History

United States
- Name: Thomas J. Lyons
- Namesake: Thomas J. Lyons
- Owner: War Shipping Administration (WSA)
- Operator: Smith & Johnson Co.
- Ordered: as type (EC2-S-C1) hull, MC hull 2478
- Awarded: 23 April 1943
- Builder: St. Johns River Shipbuilding Company, Jacksonville, Florida
- Cost: $1,048,609
- Yard number: 42
- Way number: 6
- Laid down: 7 April 1944
- Launched: 18 May 1944
- Sponsored by: Mrs.
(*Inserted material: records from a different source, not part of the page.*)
Theorem theorem2p2 (R : realType) (V : finType) (E : rel V) (S : state V) :
  (forall v, S v != red) ->
  (forall (A : {set V}) (v : V),
      A \subset ~: blues S -> v \notin blues S ->
      F R E S A <= F R E S (v |: A)) /\
  (forall (A A' : {set V}) (v : V),
      A \subset A' -> A' \subset ~: blues S -> v \notin blues S ->
      F R E S (v |: A') - F R E S A' <= F R E S (v |: A) - F R E S A).
Proof.
move=> S_nored; split.
  move=> A v A_nb v_nb.
  have := expected_final_reds_coupling R E monotone_inv_step monotone_inv_reds
            (recolor_monotone_inv S_nored A_nb v_nb).
  rewrite /F; lra.
move=> A A' v AA' A'_nb v_nb.
have := expected_final_reds_coupling R E submodular_inv_step submodular_inv_reds
          (recolor_submodular_inv S_nored AA' A'_nb v_nb).
rewrite /F; lra.
Qed.
(* Let $n\ge3$. For every $r\in[3,n]$, the ideal $\tilde{\mathfrak b}_r$ is an atom of $\mathrm{Mon}(R)$.
   Context: Let $K$ be a field, $N\ge2$, $R=K[X_1,\dots,X_N]$, $X=X_1$, $Y=X_2$. $\mathrm{Mon}(R)$ is the monoid of nonzero monomial ideals of $R$ under ideal multiplication, with identity $R$ (its only unit); an atom of $\mathrm{Mon}(R)$ is an $I\ne R$ in $\mathrm{Mon}(R)$ not a product of two elements of $\mathrm{Mon}(R)\setminus\{R\}$. $[x,y]=\{z\in\mathbb Z:x\le z\le y\}$. For $i\in\mathbb N^+$, $\mathfrak b_i=\langle X^i,Y^i\rangle$. Fix an integer $n\ge 3$ and positive integers $a_1,\dots,a_{n+1}$ with (C1) $a_{n+1}=a_1+\dots+a_{n-1}+2a_n$ and (C2) $a_{i+1}>2(a_1+\dots+a_i)$ for all $i\in[1,n-1]$. For $I\subseteq[1,n+1]$ put $a_I=\sum_{i\in I}a_i$ ($a_\emptyset=0$). For $r\in[3,n]$, $\tilde{\mathfrak b}_r$ is the ideal generated by $\mathfrak b_{a_1}\mathfrak b_{a_3}\mathfrak b_{a_4}\cdots\mathfrak b_{a_r}$ together with the monomial $X^{a_{[3,r]}-a_2}Y^{a_3-a_2}$. *)

From HB Require Import structures.
From mathcomp Require Import all_boot all_order all_algebra.
From mathcomp Require Import mpoly.
Set Implicit Arguments. Unset Strict Implicit. Unset Printing Implicit Defensive.
Import GRing.Theory.
Local Open Scope ring_scope.

Section MonIdeals.
Variables (K : fieldType) (N : nat).
Notation R := {mpoly K[N]}.

Definition ideq (I J : R -> Prop) : Prop := forall p, I p <-> J p.

Definition gen_ideal (G : R -> Prop) : R -> Prop :=
  fun p => exists s : seq (R * R),
    (forall i, (i < size s)%N -> G (nth (0, 0) s i).2) /\ p = \sum_(x <- s) x.1 * x.2.
Definition rows_basis (R : pzRingType) (m N : nat) (A : 'M[R]_(m, N))
  (P : 'rV[R]_N -> Prop) : Prop :=
  [/\ forall i, P (row i A),
      forall x, P x -> exists z : 'rV[R]_m, x = z *m A
    & forall z : 'rV[R]_m, z *m A = 0 -> z = 0].

Definition lattice_generator (m N : nat) (A : 'M[int]_(m, N))
  (L : 'rV[int]_N -> Prop) : Prop := m = N /\ rows_basis A L.

(* H with all columns outside the column blocks in S zeroed out; its rank is
   the rank of the submatrix of the column blocks in S *)
Definition colblocks (m t b : nat) (H : 'M['F_2]_(m, t * b)) (S : {set 'I_t}) :=
  H *m diag_mx (\row_(j < t * b) ([exists k in S, nat_of_ord k == (j %/ b)%N])%:R).

Definition lastblocks (m t b l : nat) (H : 'M['F_2]_(m, t * b)) : 'M['F_2]_(m, l * b) :=
  \matrix_(i < m, j < l * b) ent H i ((t - l) * b + j).

(* D with all columns except those selected by d zeroed out: in block j the
   last b - d j columns are selected *)
Definition selcols (m l b : nat) (d : nat -> nat) (D : 'M['F_2]_(m, l * b)) :=
  D *m diag_mx (\row_(j < l * b) (d (j %/ b) <= j %% b)%N%:R).

(* the rows (0, sigma^s w^(1), ..., sigma^s w^(l)), s < d i, sigma = cyclic right shift *)
Definition Qblock (t l b di : nat) (wi : 'rV['F_2]_(l * b)) : 'M['F_2]_(di, t * b) :=
  \matrix_(s < di, col < t * b)
    if (col < (t - l) * b)%N then 0
    else let j' := (col - (t - l) * b)%N in
         ent wi 0 ((j' %/ b) * b + ((j' %% b + b - s %% b) %% b)).

Definition Qmat (t l b : nat) (d : nat -> nat) (w : nat -> 'rV['F_2]_(l * b)) :=
  \mxcol_(i < l) Qblock t (d i) (w i).

(* rows [0_{dbar_j x d_j} 2 I_{dbar_j}] placed at column block (t-l)+j *)
Definition Rblock (t l b dj j : nat) : 'M[int]_(b - dj, t * b) :=
  \matrix_(k < b - dj, col < t * b)
    if nat_of_ord col == ((t - l) * b + j * b + dj + k)%N then 2 else 0.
Thomas J. Lyons
- Completed: 2 June 1944
- Identification: Call sign: WMYI; ;
- Fate: Laid up in the, National Defense Reserve Fleet, Astoria, Oregon, 24 December 1948; Sold for scrapping, 10 October 1963, removed from fleet, 15 November 1963;

General characteristics
- Class & type: Liberty ship; type EC2-S-C1, standard;
- Tonnage: 10,865 LT DWT; 7,176 GRT;
- Displacement: 3,380 long tons (3,434 t) (light); 14,245 long tons (14,474 t) (max);
- Length: 441 feet 6 inches (135 m) oa; 416 feet (127 m) pp; 427 feet (130 m) lwl;
- Beam: 57 feet (17 m)
- Draft: 27 ft 9.25 in (8.4646 m)
- Installed power: 2 × Oil fired 450 °F (232 °C) boilers, operating at 220 psi (1,500 kPa); 2,500 hp (1,900 kW);
- Propulsion: 1 × triple-expansion steam engine, (manufactured by General Machinery Corp., Hamilton, Ohio); 1 × screw propeller;
- Speed: 11.5 knots (21.3 km/h; 13.2 mph)
- Capacity: 562,608 cubic feet (15,931 m^{3}) (grain); 499,573 cubic feet (14,146 m^{3}) (bale);
- Complement: 38–62 USMM; 21–40 USNAG;
- Armament: Varied by ship; Bow-mounted 3-inch (76 mm)/50-caliber gun; Stern-mounted 4-inch (102 mm)/50-caliber gun; 2–8 × single 20-millimeter (0.79 in) Oerlikon anti-aircraft (AA) cannons and/or,; 2–8 × 37-millimeter (1.46 in) M1 AA guns;

= SS Thomas J. Lyons =

Liberty ship of WWII

SS Thomas J. Lyons was a Liberty ship built in the United States during World War II. She was named after Thomas J. Lyons.

==Construction==
Thomas J. Lyons was laid down on 7 April 1944, under a Maritime Commission (MARCOM) contract, MC hull 2478, by the St. Johns River Shipbuilding Company, Jacksonville, Florida; she was sponsored by Mrs. Thomas J. Lyons, the widow of the namesake, and was launched on 18 May 1944.

==History==
She was allocated to the Smith & Johnson Co., on 2 June 1944. On 24 December 1948, she was laid up in the National Defense Reserve Fleet, Astoria, Oregon. On 2 August 1954, she was withdrawn from the fleet to be loaded with grain under the "Grain Program 1954", she returned loaded on 12 August 1954. On 21 November 1957, she was withdrawn to be unload, she returned on empty 26 November 1957. She was sold for scrapping, 10 October 1963, to Zidell Explorations, Inc., for $45,000. She was removed from the fleet on 15 November 1963.